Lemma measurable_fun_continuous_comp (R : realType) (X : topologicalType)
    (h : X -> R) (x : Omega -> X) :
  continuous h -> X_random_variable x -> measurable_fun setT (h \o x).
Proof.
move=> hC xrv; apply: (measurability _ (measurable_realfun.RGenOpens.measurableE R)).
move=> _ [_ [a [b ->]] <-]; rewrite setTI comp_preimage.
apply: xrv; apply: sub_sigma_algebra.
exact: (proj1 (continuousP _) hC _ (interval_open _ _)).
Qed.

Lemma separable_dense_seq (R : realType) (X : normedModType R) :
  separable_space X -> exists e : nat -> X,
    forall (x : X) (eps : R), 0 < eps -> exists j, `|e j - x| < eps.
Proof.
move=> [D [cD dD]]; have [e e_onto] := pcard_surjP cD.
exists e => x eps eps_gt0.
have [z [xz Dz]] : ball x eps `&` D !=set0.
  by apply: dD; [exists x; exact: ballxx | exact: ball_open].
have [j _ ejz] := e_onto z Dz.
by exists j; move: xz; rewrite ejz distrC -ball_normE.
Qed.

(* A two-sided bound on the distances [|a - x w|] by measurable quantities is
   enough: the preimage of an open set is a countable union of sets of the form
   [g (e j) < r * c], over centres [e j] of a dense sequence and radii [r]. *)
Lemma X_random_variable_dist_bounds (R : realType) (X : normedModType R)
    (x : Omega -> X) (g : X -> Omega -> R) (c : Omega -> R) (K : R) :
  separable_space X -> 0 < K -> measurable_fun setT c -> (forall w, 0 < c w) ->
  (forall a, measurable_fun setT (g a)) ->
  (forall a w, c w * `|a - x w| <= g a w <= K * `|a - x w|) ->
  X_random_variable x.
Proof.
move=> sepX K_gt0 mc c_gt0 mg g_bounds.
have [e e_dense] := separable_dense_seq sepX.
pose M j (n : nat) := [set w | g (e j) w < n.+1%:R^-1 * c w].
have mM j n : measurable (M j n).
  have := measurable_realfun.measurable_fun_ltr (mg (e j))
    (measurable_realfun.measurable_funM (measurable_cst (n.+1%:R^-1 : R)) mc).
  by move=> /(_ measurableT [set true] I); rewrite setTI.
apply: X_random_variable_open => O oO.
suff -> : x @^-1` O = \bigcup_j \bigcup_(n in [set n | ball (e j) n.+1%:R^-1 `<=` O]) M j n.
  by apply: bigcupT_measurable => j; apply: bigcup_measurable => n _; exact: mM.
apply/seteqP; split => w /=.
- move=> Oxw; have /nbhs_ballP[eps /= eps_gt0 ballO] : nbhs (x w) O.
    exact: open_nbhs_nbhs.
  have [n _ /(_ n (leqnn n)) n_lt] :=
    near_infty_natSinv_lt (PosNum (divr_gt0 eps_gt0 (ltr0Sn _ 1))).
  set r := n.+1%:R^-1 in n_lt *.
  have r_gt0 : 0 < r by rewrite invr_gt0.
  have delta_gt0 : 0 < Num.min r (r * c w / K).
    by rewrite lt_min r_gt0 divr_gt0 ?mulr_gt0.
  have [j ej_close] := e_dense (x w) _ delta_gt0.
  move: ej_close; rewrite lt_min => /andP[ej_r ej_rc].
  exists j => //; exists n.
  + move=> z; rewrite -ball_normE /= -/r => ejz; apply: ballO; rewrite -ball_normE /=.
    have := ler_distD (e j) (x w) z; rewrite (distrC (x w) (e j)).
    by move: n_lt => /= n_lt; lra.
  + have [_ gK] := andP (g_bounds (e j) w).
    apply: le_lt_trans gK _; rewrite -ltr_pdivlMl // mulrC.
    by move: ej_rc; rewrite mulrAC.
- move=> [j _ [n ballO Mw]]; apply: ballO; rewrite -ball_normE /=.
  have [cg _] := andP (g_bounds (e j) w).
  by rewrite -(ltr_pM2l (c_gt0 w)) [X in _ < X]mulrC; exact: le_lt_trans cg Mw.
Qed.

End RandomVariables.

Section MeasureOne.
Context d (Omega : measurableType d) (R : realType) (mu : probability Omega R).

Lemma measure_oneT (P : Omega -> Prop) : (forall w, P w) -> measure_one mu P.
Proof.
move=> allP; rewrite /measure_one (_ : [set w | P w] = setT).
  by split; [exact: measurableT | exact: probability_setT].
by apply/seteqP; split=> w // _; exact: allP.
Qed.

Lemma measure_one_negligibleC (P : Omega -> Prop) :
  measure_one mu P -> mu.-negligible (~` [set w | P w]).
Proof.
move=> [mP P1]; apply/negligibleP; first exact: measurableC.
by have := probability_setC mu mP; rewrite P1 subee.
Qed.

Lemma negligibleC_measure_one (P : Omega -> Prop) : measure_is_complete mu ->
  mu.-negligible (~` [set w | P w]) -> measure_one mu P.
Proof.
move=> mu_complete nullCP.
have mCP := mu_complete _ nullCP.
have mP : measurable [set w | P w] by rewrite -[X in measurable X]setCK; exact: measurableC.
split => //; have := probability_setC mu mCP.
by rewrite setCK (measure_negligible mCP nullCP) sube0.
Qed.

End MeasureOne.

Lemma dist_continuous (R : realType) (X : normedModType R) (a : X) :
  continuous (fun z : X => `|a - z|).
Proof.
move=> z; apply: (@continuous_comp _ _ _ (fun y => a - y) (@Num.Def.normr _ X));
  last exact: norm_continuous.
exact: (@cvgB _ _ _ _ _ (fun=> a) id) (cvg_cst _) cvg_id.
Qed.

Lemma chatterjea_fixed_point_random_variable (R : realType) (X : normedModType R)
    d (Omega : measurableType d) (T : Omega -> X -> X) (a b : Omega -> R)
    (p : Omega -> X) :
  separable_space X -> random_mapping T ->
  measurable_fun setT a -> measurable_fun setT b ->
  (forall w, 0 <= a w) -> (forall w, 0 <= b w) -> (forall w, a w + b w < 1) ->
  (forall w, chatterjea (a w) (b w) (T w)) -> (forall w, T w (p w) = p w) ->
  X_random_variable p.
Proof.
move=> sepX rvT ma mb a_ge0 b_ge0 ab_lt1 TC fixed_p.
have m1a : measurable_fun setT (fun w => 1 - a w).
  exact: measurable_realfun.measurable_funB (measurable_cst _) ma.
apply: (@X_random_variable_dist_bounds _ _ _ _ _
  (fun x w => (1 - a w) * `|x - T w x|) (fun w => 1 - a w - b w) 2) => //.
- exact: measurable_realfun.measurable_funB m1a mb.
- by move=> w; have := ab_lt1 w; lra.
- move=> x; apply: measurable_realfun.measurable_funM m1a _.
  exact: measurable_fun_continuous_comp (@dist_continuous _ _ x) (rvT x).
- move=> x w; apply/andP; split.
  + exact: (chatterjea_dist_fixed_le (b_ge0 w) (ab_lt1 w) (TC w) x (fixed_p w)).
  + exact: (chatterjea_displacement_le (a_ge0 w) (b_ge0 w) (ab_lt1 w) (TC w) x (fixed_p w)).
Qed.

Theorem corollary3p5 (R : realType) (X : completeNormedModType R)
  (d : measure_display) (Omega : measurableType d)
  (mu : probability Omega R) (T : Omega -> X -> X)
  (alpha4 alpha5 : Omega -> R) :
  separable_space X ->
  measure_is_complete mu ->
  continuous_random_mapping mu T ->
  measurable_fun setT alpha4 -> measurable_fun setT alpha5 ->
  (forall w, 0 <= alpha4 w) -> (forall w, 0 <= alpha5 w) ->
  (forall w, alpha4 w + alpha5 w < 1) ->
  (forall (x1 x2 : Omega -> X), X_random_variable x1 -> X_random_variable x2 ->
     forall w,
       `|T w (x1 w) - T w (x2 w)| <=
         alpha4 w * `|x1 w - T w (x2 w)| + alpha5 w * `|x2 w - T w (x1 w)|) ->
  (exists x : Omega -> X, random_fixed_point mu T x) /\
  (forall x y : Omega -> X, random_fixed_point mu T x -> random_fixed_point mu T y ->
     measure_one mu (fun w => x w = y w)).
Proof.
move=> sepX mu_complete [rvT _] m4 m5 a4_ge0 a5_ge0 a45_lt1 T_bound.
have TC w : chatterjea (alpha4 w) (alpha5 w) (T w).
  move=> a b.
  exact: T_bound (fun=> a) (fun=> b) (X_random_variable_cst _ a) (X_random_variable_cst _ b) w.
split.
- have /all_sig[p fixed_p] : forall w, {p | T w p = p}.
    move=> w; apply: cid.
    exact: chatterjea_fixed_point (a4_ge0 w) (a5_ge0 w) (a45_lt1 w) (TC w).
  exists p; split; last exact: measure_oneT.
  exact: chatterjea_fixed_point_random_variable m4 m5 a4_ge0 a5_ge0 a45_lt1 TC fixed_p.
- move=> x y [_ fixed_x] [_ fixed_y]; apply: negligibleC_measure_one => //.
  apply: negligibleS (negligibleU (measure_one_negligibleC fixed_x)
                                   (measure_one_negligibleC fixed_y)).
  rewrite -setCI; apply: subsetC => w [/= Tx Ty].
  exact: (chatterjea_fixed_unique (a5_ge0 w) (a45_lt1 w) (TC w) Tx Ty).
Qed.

##########

WHAT THE TASK ASKS:
When you reach the line containing "exact: (chatterjea_displacement_le (a_ge0" in the data above, start copying exactly, and stop after the line containing "exists p; split; last exact: measure_oneT.".

YOUR SOLUTION:
  + exact: (chatterjea_displacement_le (a_ge0 w) (b_ge0 w) (ab_lt1 w) (TC w) x (fixed_p w)).
Qed.

Theorem corollary3p5 (R : realType) (X : completeNormedModType R)
  (d : measure_display) (Omega : measurableType d)
  (mu : probability Omega R) (T : Omega -> X -> X)
  (alpha4 alpha5 : Omega -> R) :
  separable_space X ->
  measure_is_complete mu ->
  continuous_random_mapping mu T ->
  measurable_fun setT alpha4 -> measurable_fun setT alpha5 ->
  (forall w, 0 <= alpha4 w) -> (forall w, 0 <= alpha5 w) ->
  (forall w, alpha4 w + alpha5 w < 1) ->
  (forall (x1 x2 : Omega -> X), X_random_variable x1 -> X_random_variable x2 ->
     forall w,
       `|T w (x1 w) - T w (x2 w)| <=
         alpha4 w * `|x1 w - T w (x2 w)| + alpha5 w * `|x2 w - T w (x1 w)|) ->
  (exists x : Omega -> X, random_fixed_point mu T x) /\
  (forall x y : Omega -> X, random_fixed_point mu T x -> random_fixed_point mu T y ->
     measure_one mu (fun w => x w = y w)).
Proof.
move=> sepX mu_complete [rvT _] m4 m5 a4_ge0 a5_ge0 a45_lt1 T_bound.
have TC w : chatterjea (alpha4 w) (alpha5 w) (T w).
  move=> a b.
  exact: T_bound (fun=> a) (fun=> b) (X_random_variable_cst _ a) (X_random_variable_cst _ b) w.
split.
- have /all_sig[p fixed_p] : forall w, {p | T w p = p}.
    move=> w; apply: cid.
    exact: chatterjea_fixed_point (a4_ge0 w) (a5_ge0 w) (a45_lt1 w) (TC w).
  exists p; split; last exact: measure_oneT.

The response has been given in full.